In the entries below, filter for the word "raddfD" and copy every matching line.

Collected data
━━━━━━━━━━━━━━━━
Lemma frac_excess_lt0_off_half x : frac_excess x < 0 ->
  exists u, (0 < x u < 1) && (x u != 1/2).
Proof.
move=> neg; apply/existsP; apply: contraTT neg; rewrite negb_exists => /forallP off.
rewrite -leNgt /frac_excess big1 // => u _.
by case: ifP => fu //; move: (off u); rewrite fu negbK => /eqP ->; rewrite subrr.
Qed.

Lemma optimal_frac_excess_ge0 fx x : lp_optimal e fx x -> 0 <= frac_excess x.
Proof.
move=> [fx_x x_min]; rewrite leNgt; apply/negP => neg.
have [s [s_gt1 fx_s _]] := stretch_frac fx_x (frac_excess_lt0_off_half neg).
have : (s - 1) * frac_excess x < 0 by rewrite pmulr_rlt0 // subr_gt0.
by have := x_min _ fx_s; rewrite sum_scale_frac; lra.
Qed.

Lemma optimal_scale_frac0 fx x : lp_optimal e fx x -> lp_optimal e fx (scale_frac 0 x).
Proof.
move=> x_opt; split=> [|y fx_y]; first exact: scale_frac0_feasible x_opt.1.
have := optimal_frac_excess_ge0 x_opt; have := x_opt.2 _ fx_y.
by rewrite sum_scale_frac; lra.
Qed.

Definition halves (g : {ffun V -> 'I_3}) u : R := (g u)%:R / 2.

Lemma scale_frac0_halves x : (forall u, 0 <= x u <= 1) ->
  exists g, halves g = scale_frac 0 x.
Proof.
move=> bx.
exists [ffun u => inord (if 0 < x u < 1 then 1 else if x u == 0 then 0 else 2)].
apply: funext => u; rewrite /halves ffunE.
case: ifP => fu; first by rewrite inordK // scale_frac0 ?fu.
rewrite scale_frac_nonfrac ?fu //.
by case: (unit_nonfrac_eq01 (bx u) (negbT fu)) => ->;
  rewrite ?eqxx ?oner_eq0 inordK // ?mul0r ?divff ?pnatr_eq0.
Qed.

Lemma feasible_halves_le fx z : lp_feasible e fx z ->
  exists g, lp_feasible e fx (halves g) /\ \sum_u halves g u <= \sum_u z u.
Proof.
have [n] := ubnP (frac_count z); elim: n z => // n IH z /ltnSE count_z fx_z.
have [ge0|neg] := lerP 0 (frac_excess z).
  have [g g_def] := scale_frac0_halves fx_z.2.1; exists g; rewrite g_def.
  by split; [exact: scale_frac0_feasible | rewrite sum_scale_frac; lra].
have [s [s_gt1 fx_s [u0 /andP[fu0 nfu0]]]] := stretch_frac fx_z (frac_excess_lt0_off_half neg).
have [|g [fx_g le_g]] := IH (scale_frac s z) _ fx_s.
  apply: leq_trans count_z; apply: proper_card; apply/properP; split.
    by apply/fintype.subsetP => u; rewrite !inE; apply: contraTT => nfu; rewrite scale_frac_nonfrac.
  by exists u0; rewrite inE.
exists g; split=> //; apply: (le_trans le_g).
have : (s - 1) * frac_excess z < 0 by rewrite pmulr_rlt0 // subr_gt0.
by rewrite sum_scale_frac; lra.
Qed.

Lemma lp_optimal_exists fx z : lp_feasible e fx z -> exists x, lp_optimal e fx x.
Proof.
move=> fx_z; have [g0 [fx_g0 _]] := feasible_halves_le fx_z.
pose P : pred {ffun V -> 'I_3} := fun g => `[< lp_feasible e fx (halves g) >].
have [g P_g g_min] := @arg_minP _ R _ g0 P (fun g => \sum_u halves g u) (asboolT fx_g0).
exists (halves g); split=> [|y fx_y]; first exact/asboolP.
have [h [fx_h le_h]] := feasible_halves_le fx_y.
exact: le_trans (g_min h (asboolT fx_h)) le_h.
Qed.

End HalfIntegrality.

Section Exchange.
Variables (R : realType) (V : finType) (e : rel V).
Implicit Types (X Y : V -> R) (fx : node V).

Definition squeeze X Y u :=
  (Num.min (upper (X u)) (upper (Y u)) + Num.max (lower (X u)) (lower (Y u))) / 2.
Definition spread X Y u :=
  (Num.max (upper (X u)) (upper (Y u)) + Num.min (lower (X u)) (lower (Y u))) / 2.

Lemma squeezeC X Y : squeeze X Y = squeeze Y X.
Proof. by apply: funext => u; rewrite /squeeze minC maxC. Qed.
━━━━━━━━━━━━━━━━
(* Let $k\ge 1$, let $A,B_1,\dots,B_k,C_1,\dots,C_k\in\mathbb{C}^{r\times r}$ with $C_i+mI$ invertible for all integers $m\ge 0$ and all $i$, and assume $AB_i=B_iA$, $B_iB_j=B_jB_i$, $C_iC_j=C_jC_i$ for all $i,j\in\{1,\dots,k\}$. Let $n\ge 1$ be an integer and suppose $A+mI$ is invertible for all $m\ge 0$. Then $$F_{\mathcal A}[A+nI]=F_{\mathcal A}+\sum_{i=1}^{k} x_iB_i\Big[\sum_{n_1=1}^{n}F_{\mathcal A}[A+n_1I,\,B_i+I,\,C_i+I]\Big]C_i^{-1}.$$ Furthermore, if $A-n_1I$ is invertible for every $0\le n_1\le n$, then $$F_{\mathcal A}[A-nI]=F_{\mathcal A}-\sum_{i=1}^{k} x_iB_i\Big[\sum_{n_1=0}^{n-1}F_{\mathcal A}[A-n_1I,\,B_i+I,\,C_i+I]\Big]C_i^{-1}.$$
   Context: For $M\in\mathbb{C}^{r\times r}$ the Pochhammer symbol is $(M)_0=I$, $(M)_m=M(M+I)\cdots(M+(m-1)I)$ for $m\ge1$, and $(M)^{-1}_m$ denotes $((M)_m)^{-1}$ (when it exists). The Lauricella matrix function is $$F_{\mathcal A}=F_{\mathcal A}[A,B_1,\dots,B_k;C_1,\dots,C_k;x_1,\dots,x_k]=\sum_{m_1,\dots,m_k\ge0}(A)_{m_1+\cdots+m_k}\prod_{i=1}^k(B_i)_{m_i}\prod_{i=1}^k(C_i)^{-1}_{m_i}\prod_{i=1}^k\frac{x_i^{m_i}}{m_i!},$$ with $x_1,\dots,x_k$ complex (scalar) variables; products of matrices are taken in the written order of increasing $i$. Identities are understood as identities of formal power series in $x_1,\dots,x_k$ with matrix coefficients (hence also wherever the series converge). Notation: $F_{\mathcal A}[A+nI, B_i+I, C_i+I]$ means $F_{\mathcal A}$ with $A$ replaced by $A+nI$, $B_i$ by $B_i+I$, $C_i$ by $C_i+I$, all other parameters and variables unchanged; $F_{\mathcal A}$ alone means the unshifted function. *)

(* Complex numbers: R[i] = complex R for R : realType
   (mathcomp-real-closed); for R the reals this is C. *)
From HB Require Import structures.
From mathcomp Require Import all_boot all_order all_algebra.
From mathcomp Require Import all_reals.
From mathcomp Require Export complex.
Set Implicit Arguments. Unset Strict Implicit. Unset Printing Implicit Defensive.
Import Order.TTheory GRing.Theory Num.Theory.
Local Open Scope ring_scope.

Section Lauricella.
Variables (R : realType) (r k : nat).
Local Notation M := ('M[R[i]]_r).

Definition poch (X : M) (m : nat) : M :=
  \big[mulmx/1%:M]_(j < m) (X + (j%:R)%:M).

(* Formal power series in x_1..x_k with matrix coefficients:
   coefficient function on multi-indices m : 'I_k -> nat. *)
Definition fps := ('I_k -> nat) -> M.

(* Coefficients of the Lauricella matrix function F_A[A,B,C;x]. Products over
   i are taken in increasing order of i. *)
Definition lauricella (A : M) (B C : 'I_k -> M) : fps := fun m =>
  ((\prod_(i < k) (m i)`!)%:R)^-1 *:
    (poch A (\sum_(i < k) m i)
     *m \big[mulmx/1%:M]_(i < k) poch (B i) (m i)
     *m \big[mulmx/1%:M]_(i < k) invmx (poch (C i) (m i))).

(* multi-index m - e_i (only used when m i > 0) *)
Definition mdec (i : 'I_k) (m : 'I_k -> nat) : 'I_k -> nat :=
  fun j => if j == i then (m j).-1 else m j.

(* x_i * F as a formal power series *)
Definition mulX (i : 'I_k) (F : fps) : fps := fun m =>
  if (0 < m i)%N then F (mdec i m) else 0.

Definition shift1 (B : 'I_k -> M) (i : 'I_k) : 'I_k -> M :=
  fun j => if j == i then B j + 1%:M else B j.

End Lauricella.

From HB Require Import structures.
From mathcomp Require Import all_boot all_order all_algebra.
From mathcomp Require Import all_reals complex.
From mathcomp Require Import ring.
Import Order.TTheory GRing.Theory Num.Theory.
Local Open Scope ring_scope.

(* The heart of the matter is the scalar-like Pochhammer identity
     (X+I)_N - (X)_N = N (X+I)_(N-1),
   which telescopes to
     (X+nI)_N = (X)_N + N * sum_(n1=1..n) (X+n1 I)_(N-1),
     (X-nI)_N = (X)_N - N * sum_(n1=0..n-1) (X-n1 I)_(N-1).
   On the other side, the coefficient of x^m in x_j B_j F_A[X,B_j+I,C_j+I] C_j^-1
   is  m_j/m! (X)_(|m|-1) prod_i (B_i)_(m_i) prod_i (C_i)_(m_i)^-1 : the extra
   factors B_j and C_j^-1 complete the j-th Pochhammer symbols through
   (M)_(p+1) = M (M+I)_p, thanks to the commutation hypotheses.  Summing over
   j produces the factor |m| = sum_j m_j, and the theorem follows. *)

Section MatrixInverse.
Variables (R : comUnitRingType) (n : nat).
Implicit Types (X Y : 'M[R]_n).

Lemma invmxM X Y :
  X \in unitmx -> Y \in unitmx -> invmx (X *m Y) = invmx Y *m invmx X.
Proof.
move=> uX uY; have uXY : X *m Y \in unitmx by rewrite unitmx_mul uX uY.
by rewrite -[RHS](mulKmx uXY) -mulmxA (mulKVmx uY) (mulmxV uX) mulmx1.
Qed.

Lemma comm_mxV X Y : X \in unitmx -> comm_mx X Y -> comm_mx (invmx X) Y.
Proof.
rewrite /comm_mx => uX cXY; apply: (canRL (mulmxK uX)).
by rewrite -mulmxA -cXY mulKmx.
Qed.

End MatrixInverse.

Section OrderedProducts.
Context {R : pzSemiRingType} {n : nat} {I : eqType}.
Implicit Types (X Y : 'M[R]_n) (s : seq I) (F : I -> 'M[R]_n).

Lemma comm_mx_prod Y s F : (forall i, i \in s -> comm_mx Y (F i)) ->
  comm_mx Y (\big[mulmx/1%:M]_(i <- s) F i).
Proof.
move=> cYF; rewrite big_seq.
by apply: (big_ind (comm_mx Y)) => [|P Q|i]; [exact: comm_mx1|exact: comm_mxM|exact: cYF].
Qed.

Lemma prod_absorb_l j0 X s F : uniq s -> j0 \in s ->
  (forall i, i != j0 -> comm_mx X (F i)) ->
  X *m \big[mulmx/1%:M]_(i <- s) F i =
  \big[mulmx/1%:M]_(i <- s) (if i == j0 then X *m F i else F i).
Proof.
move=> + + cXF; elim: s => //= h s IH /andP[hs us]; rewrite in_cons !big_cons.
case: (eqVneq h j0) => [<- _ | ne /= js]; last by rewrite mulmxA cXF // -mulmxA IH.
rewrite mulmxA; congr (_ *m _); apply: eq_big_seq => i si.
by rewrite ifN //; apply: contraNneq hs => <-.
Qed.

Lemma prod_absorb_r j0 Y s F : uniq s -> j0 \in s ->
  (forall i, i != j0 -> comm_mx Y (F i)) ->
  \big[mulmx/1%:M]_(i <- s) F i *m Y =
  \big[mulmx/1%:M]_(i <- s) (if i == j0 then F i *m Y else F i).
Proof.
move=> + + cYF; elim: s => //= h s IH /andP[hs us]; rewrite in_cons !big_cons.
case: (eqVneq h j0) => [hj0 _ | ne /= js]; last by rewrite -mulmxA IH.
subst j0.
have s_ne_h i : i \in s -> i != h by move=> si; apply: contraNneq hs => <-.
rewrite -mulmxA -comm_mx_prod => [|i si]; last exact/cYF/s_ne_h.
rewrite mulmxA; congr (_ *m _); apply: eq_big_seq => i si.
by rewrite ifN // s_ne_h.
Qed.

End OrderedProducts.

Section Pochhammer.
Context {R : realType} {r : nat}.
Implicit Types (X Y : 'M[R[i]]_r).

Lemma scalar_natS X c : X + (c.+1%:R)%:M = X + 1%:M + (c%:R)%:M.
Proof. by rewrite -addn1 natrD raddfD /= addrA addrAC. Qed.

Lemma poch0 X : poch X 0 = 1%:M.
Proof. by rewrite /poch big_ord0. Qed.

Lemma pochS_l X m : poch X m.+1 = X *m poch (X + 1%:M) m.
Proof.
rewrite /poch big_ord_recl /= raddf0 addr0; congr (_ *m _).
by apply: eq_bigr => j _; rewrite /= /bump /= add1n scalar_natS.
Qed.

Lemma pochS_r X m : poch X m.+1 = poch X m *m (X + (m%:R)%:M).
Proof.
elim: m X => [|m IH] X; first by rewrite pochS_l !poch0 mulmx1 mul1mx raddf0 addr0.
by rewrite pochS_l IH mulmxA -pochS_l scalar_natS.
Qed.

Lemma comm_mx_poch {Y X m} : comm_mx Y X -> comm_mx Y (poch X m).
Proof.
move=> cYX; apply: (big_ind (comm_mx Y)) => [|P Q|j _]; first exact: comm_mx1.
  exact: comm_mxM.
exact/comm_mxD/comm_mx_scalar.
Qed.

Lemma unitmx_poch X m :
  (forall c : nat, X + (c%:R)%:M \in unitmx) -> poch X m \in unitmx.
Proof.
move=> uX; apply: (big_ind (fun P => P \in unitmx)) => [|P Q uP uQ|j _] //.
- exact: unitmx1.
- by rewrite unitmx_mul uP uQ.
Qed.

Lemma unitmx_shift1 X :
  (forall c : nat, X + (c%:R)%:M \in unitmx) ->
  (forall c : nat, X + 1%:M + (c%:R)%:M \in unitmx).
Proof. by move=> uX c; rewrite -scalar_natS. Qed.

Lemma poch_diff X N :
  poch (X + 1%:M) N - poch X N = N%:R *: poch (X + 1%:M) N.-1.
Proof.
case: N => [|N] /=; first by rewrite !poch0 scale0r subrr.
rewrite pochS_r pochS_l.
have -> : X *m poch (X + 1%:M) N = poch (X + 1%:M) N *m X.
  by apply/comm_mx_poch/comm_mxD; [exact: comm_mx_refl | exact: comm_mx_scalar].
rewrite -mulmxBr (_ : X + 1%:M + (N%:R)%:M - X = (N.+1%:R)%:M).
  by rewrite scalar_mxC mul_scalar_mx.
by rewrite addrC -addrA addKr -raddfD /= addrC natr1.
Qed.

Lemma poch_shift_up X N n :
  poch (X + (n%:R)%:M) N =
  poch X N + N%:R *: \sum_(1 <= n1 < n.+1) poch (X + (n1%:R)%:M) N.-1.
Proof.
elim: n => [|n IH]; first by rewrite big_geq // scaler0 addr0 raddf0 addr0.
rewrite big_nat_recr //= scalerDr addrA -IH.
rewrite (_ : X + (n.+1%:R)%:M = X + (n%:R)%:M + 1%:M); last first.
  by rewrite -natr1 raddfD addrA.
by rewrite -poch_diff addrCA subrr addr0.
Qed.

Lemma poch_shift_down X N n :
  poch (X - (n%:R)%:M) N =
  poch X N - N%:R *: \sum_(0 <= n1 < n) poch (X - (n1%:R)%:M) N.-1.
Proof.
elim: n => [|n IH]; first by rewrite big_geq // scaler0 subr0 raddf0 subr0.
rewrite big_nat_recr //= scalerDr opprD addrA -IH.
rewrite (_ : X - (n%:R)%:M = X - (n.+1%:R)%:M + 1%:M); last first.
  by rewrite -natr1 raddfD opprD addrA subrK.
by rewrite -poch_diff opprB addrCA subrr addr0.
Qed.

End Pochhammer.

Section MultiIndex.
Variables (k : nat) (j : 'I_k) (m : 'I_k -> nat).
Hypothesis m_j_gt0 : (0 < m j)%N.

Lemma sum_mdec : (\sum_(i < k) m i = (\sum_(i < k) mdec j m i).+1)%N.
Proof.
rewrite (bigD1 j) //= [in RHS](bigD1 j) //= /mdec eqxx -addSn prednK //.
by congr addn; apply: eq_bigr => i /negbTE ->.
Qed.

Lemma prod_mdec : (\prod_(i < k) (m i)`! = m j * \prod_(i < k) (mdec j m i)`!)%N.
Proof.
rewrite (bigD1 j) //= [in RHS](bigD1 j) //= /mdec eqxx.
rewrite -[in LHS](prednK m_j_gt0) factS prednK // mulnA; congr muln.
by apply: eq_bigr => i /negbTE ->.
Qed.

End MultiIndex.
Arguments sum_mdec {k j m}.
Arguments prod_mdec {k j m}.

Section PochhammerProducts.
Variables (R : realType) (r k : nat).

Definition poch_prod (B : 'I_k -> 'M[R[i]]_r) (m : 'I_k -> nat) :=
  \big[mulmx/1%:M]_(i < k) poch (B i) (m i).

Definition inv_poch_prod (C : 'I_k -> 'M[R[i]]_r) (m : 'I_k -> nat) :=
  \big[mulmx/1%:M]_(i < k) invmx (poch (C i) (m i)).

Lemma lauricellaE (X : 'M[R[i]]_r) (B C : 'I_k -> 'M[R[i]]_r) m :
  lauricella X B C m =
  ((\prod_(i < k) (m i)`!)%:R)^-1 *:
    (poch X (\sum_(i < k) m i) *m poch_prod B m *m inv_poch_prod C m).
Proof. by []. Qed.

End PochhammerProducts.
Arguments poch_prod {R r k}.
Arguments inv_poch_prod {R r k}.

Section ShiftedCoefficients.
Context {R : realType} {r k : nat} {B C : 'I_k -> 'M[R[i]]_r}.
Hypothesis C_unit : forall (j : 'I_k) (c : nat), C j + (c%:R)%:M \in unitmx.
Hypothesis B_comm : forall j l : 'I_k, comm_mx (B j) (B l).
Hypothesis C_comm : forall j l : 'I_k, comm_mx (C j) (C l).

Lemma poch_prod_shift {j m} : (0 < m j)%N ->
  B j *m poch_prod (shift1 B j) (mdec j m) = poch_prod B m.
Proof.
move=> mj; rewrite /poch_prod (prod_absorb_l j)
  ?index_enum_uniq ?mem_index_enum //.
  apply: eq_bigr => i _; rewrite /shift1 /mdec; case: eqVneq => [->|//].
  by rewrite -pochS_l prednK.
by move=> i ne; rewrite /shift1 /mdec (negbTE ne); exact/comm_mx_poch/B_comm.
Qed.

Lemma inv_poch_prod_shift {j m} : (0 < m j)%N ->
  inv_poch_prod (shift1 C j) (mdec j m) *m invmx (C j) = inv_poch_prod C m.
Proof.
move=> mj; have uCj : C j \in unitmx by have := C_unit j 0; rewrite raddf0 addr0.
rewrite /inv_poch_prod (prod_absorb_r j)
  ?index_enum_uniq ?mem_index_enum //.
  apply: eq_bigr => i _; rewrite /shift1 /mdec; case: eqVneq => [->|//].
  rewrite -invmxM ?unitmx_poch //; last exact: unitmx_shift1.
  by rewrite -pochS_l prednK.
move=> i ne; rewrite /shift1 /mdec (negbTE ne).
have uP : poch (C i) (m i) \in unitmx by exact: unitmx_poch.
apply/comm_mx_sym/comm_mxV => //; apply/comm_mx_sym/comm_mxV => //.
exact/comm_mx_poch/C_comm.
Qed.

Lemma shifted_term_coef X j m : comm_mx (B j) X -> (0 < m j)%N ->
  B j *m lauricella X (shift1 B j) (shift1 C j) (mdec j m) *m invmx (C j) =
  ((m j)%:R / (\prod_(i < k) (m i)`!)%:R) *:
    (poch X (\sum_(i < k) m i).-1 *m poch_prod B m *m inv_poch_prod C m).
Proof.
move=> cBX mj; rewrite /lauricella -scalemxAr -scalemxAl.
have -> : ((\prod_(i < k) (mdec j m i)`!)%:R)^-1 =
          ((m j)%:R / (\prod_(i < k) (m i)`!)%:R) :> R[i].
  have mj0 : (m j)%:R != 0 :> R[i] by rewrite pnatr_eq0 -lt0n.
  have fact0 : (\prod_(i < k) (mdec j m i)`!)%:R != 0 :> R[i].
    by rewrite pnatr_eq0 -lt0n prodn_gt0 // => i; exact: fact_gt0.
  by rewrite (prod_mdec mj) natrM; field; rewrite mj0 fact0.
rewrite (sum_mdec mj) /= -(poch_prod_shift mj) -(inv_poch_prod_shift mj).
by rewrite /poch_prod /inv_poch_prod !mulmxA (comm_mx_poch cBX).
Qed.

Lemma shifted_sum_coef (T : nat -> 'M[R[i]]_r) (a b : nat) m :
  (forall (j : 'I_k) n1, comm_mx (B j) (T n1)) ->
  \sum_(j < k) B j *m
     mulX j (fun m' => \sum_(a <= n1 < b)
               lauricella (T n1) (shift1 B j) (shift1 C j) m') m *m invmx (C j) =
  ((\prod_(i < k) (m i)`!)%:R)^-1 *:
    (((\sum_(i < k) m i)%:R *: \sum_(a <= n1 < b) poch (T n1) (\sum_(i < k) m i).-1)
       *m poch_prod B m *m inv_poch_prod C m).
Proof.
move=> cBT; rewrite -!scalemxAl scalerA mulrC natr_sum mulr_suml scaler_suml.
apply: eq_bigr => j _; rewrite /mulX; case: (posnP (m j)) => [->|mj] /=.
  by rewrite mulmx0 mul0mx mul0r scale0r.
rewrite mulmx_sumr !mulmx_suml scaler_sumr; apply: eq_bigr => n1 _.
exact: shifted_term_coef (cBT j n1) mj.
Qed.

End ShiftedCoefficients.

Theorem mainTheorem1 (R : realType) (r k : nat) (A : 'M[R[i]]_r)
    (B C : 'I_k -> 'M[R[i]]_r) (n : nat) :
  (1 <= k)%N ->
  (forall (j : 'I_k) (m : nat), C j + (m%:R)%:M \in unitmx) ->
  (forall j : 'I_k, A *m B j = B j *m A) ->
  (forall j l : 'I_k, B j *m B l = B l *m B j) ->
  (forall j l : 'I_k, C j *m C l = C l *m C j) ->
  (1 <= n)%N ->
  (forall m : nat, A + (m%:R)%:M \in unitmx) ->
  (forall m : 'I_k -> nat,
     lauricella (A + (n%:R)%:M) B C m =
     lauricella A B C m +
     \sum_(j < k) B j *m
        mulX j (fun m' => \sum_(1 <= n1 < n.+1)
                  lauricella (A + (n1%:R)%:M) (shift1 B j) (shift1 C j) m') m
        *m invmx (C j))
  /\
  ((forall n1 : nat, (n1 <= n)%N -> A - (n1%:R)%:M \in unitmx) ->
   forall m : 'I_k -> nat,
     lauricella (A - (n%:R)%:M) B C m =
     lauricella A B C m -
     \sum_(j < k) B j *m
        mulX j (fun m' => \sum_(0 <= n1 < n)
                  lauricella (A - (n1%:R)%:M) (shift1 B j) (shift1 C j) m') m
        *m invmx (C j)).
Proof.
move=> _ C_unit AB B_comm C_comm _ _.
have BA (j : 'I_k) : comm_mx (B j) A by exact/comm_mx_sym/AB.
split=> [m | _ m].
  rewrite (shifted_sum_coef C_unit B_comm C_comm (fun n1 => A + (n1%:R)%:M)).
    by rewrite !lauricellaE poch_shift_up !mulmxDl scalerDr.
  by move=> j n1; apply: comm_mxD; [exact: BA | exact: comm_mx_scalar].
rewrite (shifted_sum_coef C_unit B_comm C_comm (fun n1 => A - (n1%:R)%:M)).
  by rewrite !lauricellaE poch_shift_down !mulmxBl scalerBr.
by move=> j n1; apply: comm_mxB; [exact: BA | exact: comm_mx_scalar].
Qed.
━━━━━━━━━━━━━━━━
- _Problem solution_
Proof. by rewrite -addn1 natrD raddfD /= addrA addrAC. Qed.
by rewrite addrC -addrA addKr -raddfD /= addrC natr1.
  by rewrite -natr1 raddfD addrA.
  by rewrite -natr1 raddfD opprD addrA subrK.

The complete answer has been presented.